Of the three animated vignettes in Song of the South, the story of Brer Rabbit and his Laugin' Place hails from one of the later books: Told by Uncle Remus: New Stories from the Old Plantation (1905). It is astonishing to think of how many stories Disney's production staff must have gone through between Harris' nine Remus books, just to pick out three good ones for film. This is especially true given the difficulty in mentally translating the regional dialect preserved by Harris into a modern one. That amount of work, as well as the technical accomplishment of the film itself, makes it doubly unfortunate that Song of the South cannot be seen within the United States and Canada.

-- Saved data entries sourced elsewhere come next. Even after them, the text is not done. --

(* Let $m,n,t\in\mathbf{Z}$ with $\gcd(m,n)=1$ satisfy $$t=\frac{-3(m^{3}+3m^{2}n-6mn^{2}+4n^{3})(m^{3}+3m^{2}n+3mn^{2}+4n^{3})(5m^{3}-3m^{2}n-3mn^{2}+2n^{3})}{(m^{3}-3mn^{2}+n^{3})^{3}}.$$ Then $m^{3}-3mn^{2}+n^{3}=\pm1$ or $m^{3}-3mn^{2}+n^{3}=\pm3$. *)

From mathcomp Require Import all_boot all_order all_algebra.
Set Implicit Arguments. Unset Strict Implicit. Unset Printing Implicit Defensive.

From mathcomp Require Import all_boot all_order all_algebra.
From mathcomp Require Import ring.
Set Implicit Arguments. Unset Strict Implicit. Unset Printing Implicit Defensive.
Import GRing.Theory Num.Theory.
Local Open Scope ring_scope.

(* Let d be the denominator cubic form and a, b, c the numerator ones.  The
   resultant of d and each of a, b, c is +-3^5; explicitly, for each of
   them, say a, there are quadratic forms with u d + v a = 9 m^5 and
   u' d + v' a = 9 n^5.  Hence a prime p <> 3 dividing d and a divides m and
   n, which coprimality excludes.  As d^3 divides -3abc, every prime factor
   of d is 3.  Finally 9 does not divide d: 3 | d forces n = -m mod 3, and
   then d = -3 m^3 mod 9.  So |d| is 1 or 3. *)

Definition denom (m n : int) := m ^+ 3 - 3 * m * n ^+ 2 + n ^+ 3.
Definition numer1 (m n : int) := m ^+ 3 + 3 * m ^+ 2 * n - 6 * m * n ^+ 2 + 4 * n ^+ 3.
Definition numer2 (m n : int) := m ^+ 3 + 3 * m ^+ 2 * n + 3 * m * n ^+ 2 + 4 * n ^+ 3.
Definition numer3 (m n : int) := 5 * m ^+ 3 - 3 * m ^+ 2 * n - 3 * m * n ^+ 2 + 2 * n ^+ 3.

Lemma Euclid_dvdzM (p : nat) (x y : int) : prime p ->
  (p%:Z %| x * y)%Z = (p%:Z %| x)%Z || (p%:Z %| y)%Z.
Proof. by move=> p_pr; rewrite !dvdzE abszM Euclid_dvdM. Qed.

Lemma Euclid_dvdzX (p k : nat) (x : int) : prime p ->
  (p%:Z %| x ^+ k)%Z = (p%:Z %| x)%Z && (0 < k)%N.
Proof. by move=> p_pr; rewrite !dvdzE abszX Euclid_dvdX. Qed.

Lemma coprimez_prime_dvd (p : nat) (x y : int) : coprimez x y -> prime p ->
  (p%:Z %| x)%Z -> (p%:Z %| y)%Z -> False.
Proof.
move=> /eqP xy1 p_pr px py.
have : (p%:Z %| gcdz x y)%Z by rewrite dvdz_gcd px py.
by rewrite xy1 dvdzE dvdn1 /= => /eqP p1; rewrite p1 in p_pr.
Qed.

Lemma prime_dvd_common_combination (p k : nat) (x y c d f u v u' v' : int) :
  coprimez x y -> prime p ->
  u * d + v * f = c * x ^+ k -> u' * d + v' * f = c * y ^+ k ->
  (p%:Z %| d)%Z -> (p%:Z %| f)%Z -> (p%:Z %| c)%Z.
Proof.
move=> xy p_pr ex ey pd pf.
have pcx : (p%:Z %| c * x ^+ k)%Z by rewrite -ex rpredD // dvdz_mull.
have pcy : (p%:Z %| c * y ^+ k)%Z by rewrite -ey rpredD // dvdz_mull.
rewrite Euclid_dvdzM // Euclid_dvdzX // in pcx.
rewrite Euclid_dvdzM // Euclid_dvdzX // in pcy.
case/orP: pcx => [// | /andP [px _]]; case/orP: pcy => [// | /andP [py _]].
by case: (coprimez_prime_dvd xy p_pr px py).
Qed.

Lemma prime_dvdz9 (p : nat) : prime p -> (p%:Z %| 9)%Z -> p = 3%N.
Proof.
move=> p_pr; rewrite dvdzE (Euclid_dvdM 3 3 p_pr) orbb.
by rewrite (dvdn_prime2 p_pr) // => /eqP.
Qed.

Section CommonPrimeFactors.

Variables (m n : int) (p : nat).
Hypotheses (mn : coprimez m n) (p_pr : prime p) (p_d : (p%:Z %| denom m n)%Z).

Lemma prime_dvd_denom_numer1 : (p%:Z %| numer1 m n)%Z -> p = 3%N.
Proof.
move=> p_a; apply/prime_dvdz9 => //.
apply: (prime_dvd_common_combination (x := m) (y := n) (c := 9) (k := 5)
  (u := 7 * m ^+ 2 - 14 * m * n + 12 * n ^+ 2) (v := 2 * m ^+ 2 + 8 * m * n - 3 * n ^+ 2)
  (u' := m ^+ 2 + 3 * m * n - 7 * n ^+ 2) (v' := - m ^+ 2 + 4 * n ^+ 2) mn p_pr _ _ p_d p_a);
  by rewrite /denom /numer1; ring.
Qed.

Lemma prime_dvd_denom_numer2 : (p%:Z %| numer2 m n)%Z -> p = 3%N.
Proof.
move=> p_b; apply/prime_dvdz9 => //.
apply: (prime_dvd_common_combination (x := m) (y := n) (c := 9) (k := 5)
  (u := 20 * m ^+ 2 + 9 * m * n + 28 * n ^+ 2) (v := - 11 * m ^+ 2 + 24 * m * n - 7 * n ^+ 2)
  (u' := m * n + n ^+ 2) (v' := - m * n + 2 * n ^+ 2) mn p_pr _ _ p_d p_b);
  by rewrite /denom /numer2; ring.
Qed.

Lemma prime_dvd_denom_numer3 : (p%:Z %| numer3 m n)%Z -> p = 3%N.
Proof.
move=> p_c; apply/prime_dvdz9 => //.
apply: (prime_dvd_common_combination (x := m) (y := n) (c := 9) (k := 5)
  (u := - 6 * m ^+ 2 - m * n + 2 * n ^+ 2) (v := 3 * m ^+ 2 + 2 * m * n - n ^+ 2)
  (u' := 20 * m ^+ 2 - 7 * m * n - 15 * n ^+ 2) (v' := - 4 * m ^+ 2 - m * n + 12 * n ^+ 2) mn p_pr _ _ p_d p_c);
  by rewrite /denom /numer3; ring.
Qed.

End CommonPrimeFactors.

Lemma prime_dvd_denom (m n : int) (p : nat) : coprimez m n -> prime p ->
  (p%:Z %| denom m n)%Z -> (p%:Z %| - 3 * numer1 m n * numer2 m n * numer3 m n)%Z ->
  p = 3%N.
Proof.
move=> mn p_pr p_d; rewrite !Euclid_dvdzM //.
case/orP=> [/orP [/orP [p_3 | p_a] | p_b] | p_c].
- by move: p_3; rewrite rpredN dvdzE (dvdn_prime2 p_pr (isT : prime 3)) => /eqP.
- exact: prime_dvd_denom_numer1 mn p_pr p_d p_a.
- exact: prime_dvd_denom_numer2 mn p_pr p_d p_b.
- exact: prime_dvd_denom_numer3 mn p_pr p_d p_c.
Qed.

Lemma cube_dvdz3 (x : int) : (3 %| x ^+ 3)%Z -> (3 %| x)%Z.
Proof. by rewrite (Euclid_dvdzX _ _ (isT : prime 3)) andbT. Qed.

Lemma denom_not_dvdz9 (m n : int) : coprimez m n -> ~~ (9 %| denom m n)%Z.
Proof.
move=> mn; apply/negP => d9.
have d3 : (3 %| denom m n)%Z by apply: dvdz_trans d9; apply/dvdzP; exists 3.
have : (3 %| (m + n) ^+ 3)%Z.
  have -> : (m + n) ^+ 3 = denom m n + 3 * (m ^+ 2 * n + 2 * m * n ^+ 2).
    by rewrite /denom; ring.
  by rewrite rpredD // dvdz_mulr.
move=> /cube_dvdz3 /dvdzP [k mnk].
have en : n = k * 3 - m by rewrite -mnk; ring.
have : (3 * 3 %| 3 * m ^+ 3)%Z.
  have -> : 3 * m ^+ 3 = 3 * 3 * (3 * m ^+ 2 * k - 6 * m * k ^+ 2 + 3 * k ^+ 3) - denom m n.
    by rewrite /denom en; ring.
  by rewrite rpredB // dvdz_mulr.
rewrite dvdz_mul2l // => /cube_dvdz3 m3.
have n3 : (3 %| n)%Z by rewrite en rpredB // dvdz_mull.
exact: coprimez_prime_dvd mn (isT : prime 3) m3 n3.
Qed.

Lemma pnat3_not_dvdn9 (d : nat) : (3.-nat d)%N -> ~~ (9 %| d)%N -> d = 1%N \/ d = 3%N.
Proof.
case/p_natP=> k ->; rewrite -[9%N]/(3 ^ 2)%N dvdn_Pexp2l // -ltnNge.
by case: k => [|[|]]; [left | right |].
Qed.

Lemma absz_eq (x : int) (k : nat) : `|x|%N = k -> x = k%:Z \/ x = - k%:Z.
Proof. by case: x => l /= <-; [left | right; rewrite NegzE]. Qed.

Theorem lemma5p1 (m n t : int) :
  gcdz m n = 1%N ->
  (t%:~R : rat) =
    ((-3) * (m^+3 + 3* m ^+2* n - 6* m * n ^+2 + 4* n ^+3)
          * (m^+3 + 3* m ^+2* n + 3* m * n ^+2 + 4* n ^+3)
          * (5* m ^+3 - 3* m ^+2* n - 3* m * n ^+2 + 2* n ^+3))%:~R
    / ((m^+3 - 3* m * n ^+2 + n^+3) ^+ 3)%:~R ->
  (m^+3 - 3* m * n ^+2 + n^+3 = 1 \/ m^+3 - 3* m * n ^+2 + n^+3 = -1 \/
   m^+3 - 3* m * n ^+2 + n^+3 = 3 \/ m^+3 - 3* m * n ^+2 + n^+3 = -3).
Proof.
move=> /eqP mn ht.
rewrite -/(denom m n) -/(numer1 m n) -/(numer2 m n) -/(numer3 m n) in ht *.
set d := denom m n in ht *.
have d9 : ~~ (9 %| d)%Z := denom_not_dvdz9 mn.
have d_nz : d != 0 by apply: contraNneq d9 => ->; rewrite dvdz0.
have t_d3 : t * d ^+ 3 = - 3 * numer1 m n * numer2 m n * numer3 m n.
  by apply: (@intr_inj rat); rewrite rmorphM /= ht divfK // intr_eq0 expf_neq0.
have d_3nat : (3.-nat `|d|)%N.
  apply/pnatP=> [|p p_pr p_d]; first by rewrite absz_gt0.
  apply/eqP; apply: prime_dvd_denom mn p_pr _ _; first by rewrite dvdzE.
  by rewrite -t_d3 dvdz_mull // dvdz_exp // dvdzE.
by case: (pnat3_not_dvdn9 d_3nat d9) => /absz_eq [] ->; tauto.
Qed.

Nevertheless, let us commence with another wonderful story about how Brer Rabbit outwitted his adversaries...

Saturday 16 January 2016

The New Rivers of America

Image: Disney.
On the very day that Disneyland closed down the Rivers of America to begin installation of the new Star Wars-themed land, the Disney Parks Blog posted a beautiful piece of poster-worthy concept art showing what the new northern reaches of the far frontier are going to look like.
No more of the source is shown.